36 Petit traité d’adultère bourgeois

17 avril 2011

“Chez Madame jusqu’à 5h ou 6h. Elle voulait que je repasse un chemisier compliqué. En soie avec un col à dentelle pour son tailleur rose. Je devais chercher Antonio à l’école mais elle voulait pas me laisser partir. J’ai demandé à ma belle-sœur d’y aller.”

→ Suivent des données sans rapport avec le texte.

(* Fix $t>0$. Let $P$ be a $t$-convex polygon in the Lorentz plane. Then $P$ is a proper convex subset of $\mathbb{R}^2$ contained in $\mathcal{F}$, bounded by a polygonal line with a countable number of sides, and globally invariant under the action of the group $\langle H_t\rangle$.
   Context: The Lorentz plane is $\mathbb{R}^2$ with the bilinear form $\langle x,y\rangle_1=x_1y_1-x_2y_2$. Let $\mathcal{F}=\{x\in\mathbb{R}^2 : \langle x,x\rangle_1<0,\ x_2>0\}$ (future time-like vectors) and $\mathbb{H}=\{x\in\mathbb{R}^2:\langle x,x\rangle_1=-1,\ x_2>0\}$. For $s\in\mathbb{R}$ let $H_s=\begin{pmatrix}\cosh s&\sinh s\\ \sinh s&\cosh s\end{pmatrix}$ (hyperbolic translation), and $\langle H_t\rangle$ the group generated by $H_t$. For $a\in\mathcal{F}$, $a^{\bot}=\{x\in\mathbb{R}^2:\langle x,a\rangle_1=\langle a,a\rangle_1\}$. A $t$-convex polygon is defined as follows: given $n\geq1$ pairwise distinct vectors $\eta_1,\dots,\eta_n\in\mathbb{H}$ and positive numbers $h_1,\dots,h_n$, it is the intersection, over all $k\in\mathbb{Z}$ and $i=1,\dots,n$, of the closed half-planes bounded by the lines $(H_t^k(h_i\eta_i))^{\bot}$, each half-plane chosen so that the vector $H_t^k\eta_i$ points into it (i.e. the half-plane $\{x:\langle x,H_t^k\eta_i\rangle_1\le -h_i\}$). *)

From Stdlib Require Import Reals ZArith.
Open Scope R_scope.

Definition pt := (R * R)%type.

Definition lor (x y : pt) : R := fst x * fst y - snd x * snd y.

Definition future_timelike (x : pt) : Prop := lor x x < 0 /\ snd x > 0.

Definition in_H (x : pt) : Prop := lor x x = -1 /\ snd x > 0.

Definition Hs (s : R) (x : pt) : pt :=
  (cosh s * fst x + sinh s * snd x, sinh s * fst x + cosh s * snd x).

(* H_t^k for k : Z (H_{-t} is the inverse matrix of H_t) *)
Definition Hpow (t : R) (k : Z) (x : pt) : pt :=
  match k with
  | Z0 => x
  | Zpos p => Nat.iter (Pos.to_nat p) (Hs t) x
  | Zneg p => Nat.iter (Pos.to_nat p) (Hs (- t)) x
  end.

Definition scal (c : R) (x : pt) : pt := (c * fst x, c * snd x).

Definition perp (a : pt) : pt -> Prop := fun x => lor x a = lor a a.

(* closed half-plane bounded by (H_t^k (h eta))^perp into which H_t^k eta points *)
Definition halfplane (t : R) (k : Z) (eta : pt) (h : R) : pt -> Prop :=
  fun x => lor x (Hpow t k eta) <= - h.

Definition tconvex_polygon (t : R) (n : nat) (eta : nat -> pt) (h : nat -> R)
  : pt -> Prop :=
  fun x => forall (k : Z) (i : nat), (i < n)%nat -> halfplane t k (eta i) (h i) x.

Definition convex_set (P : pt -> Prop) : Prop :=
  forall x y l, P x -> P y -> 0 <= l <= 1 ->
    P ((1 - l) * fst x + l * fst y, (1 - l) * snd x + l * snd y).

Definition dist2 (x y : pt) : R := sqrt ((fst x - fst y)^2 + (snd x - snd y)^2).

Definition boundary (P : pt -> Prop) (x : pt) : Prop :=
  forall eps, eps > 0 ->
    (exists y, P y /\ dist2 x y < eps) /\ (exists z, ~ P z /\ dist2 x z < eps).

“Vous n’êtes donc pas rentrée chez vous à l’heure habituelle.”
“Non, mon fils était avec ma belle-sœur, j’ai profité pour faire des courses. Ma belle-sœur a l’habitude : Madame veut jamais que je parte. Elle trouve toujours un truc à faire. Un vêtement à repasser. “Vite ! Consuelo. J’ai une réception chez des gens importants”. Ils sont toujours importants ses gens. Le lendemain, elle l’a pas porté mais comme ça, j’ai raté la sortie d’école d’Antonio. Je crois qu’elle aimait ça. Faire mal.”
“Quelqu’un vous a vue à l’heure du crime ?”
“Non.”
“Et ce matin, vous étiez seule avec Monsieur ? Vous lui avez donné son petit déjeuner ?”

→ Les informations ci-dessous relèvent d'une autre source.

Lemma gpath_cat (S : node -> Prop) u v w s1 s2 :
  gpath S u s1 v -> gpath S v s2 w -> gpath S u (s1 ++ s2) w.
Proof. by move=> [Su [P1 L1]] [_ [P2 L2]]; split=> //; rewrite ppath_cat last_cat L1. Qed.

Lemma gpath_cons (S : node -> Prop) u v w s :
  S u -> adj u v -> gpath S v s w -> gpath S u (v :: s) w.
Proof. by move=> Su uv [Sv [P L]]; split=> //; split. Qed.

Lemma gpath_mem (S : node -> Prop) u s w : gpath S u s w -> forall z, z \in u :: s -> S z.
Proof.
move=> [Su [Ps _]]; elim: s u Su Ps => [|y s IH] u Su /=.
  by move=> _ z; rewrite inE => /eqP ->.
by move=> [[_ [Sy _]] Ps] z; rewrite inE => /predU1P [-> //|]; apply: IH.
Qed.

Fixpoint walk_parity (T : Type) (f : T -> T -> bool) (x : T) (s : seq T) : bool :=
  if s is y :: s' then f x y (+) walk_parity f y s' else false.

Lemma walk_parity_cat T (f : T -> T -> bool) x s1 s2 :
  walk_parity f x (s1 ++ s2) = walk_parity f x s1 (+) walk_parity f (last x s1) s2.
Proof. by elim: s1 x => [|y s IH] x //=; rewrite IH addbA. Qed.

Lemma eq_in_walk_parity T (R : T -> T -> Prop) (f g : T -> T -> bool) x s :
  (forall a b, R a b -> f a b = g a b) -> ppath R x s ->
  walk_parity f x s = walk_parity g x s.
Proof. by move=> fg; elim: s x => [|y s IH] x //= [/fg -> /IH ->]. Qed.

Lemma walk_parity0 T (R : T -> T -> Prop) (f : T -> T -> bool) x s :
  (forall a b, R a b -> f a b = false) -> ppath R x s -> walk_parity f x s = false.
Proof.
move=> f0 /(eq_in_walk_parity (g := fun _ _ => false) f0) ->.
by elim: s x => //= y s IH x; rewrite IH.
Qed.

Consuelo ne cilla pas. Elle avait dans les yeux une sorte de douceur apitoyée.
“Vous croyez que je les ai tués ? L’Eglise, c’est pas “œil pour œil”, si ? Je veux partir, c’est tout. Retourner chez nous à Coimbra si je retrouve pas une maison ici. Je ne veux pas partir chaque fin de semaine nettoyer le petit château de Normandie. Arracher les herbes. Balayer les traces de pattes du chat. Désinfecter par terre. Je ne vois plus mon mari et mon fils. Donc, c’est fini.”

Elle n’avait pas l’air plus inquiète d’être accusée qu’Alex Lombard. Elle trouvait comme cette dernière que l’hypothèse était amusante mais ne la concernait pas. Vogel commençait à être fatigué de ces femmes tranquilles qui semblaient sincèrement désolées de ne pas faire l’affaire et de lui laisser son problème sur les bras. Il quitta la cuisine avec Beaudoin et poussa un gros soupir.
“Tu ne la vois pas non plus écraser la cervelle de sa patronne ni verser le bouillon d’onze heures à notre habit vert, c’est ça ?”
“C’est ça.”

A ce moment, Consuelo toussota dans leur dos.
“Je ne suis pas seule avec Monsieur ce matin. Quelqu’un est venu. Monsieur a téléphoné quand sa fille est sortie. Il m’a dit : “Occupe-toi de Shéhérazade, elle est triste”. Si on sonnait, il ouvrira. Il attend un "professeur". Il habitait pas loin le professeur. Il a sonné cinq minutes après et il sentait le parfum.”

“Vous l’avez déjà rencontré ?”
“Jamais.”
“Je sais qu’il avait une autre femme. Madame a pleuré, a crié. Elle disait “J’ai perdu ma vie pour toi”. Monsieur a dit que c’est fini mais moi, je ne le crois pas. Un homme comme lui a toujours une autre femme en plus de sa femme. Madame est morte, l’autre arrive. Pour Madame, c’était pareil. Il trouve un appartement à côté. C’est très pratique.”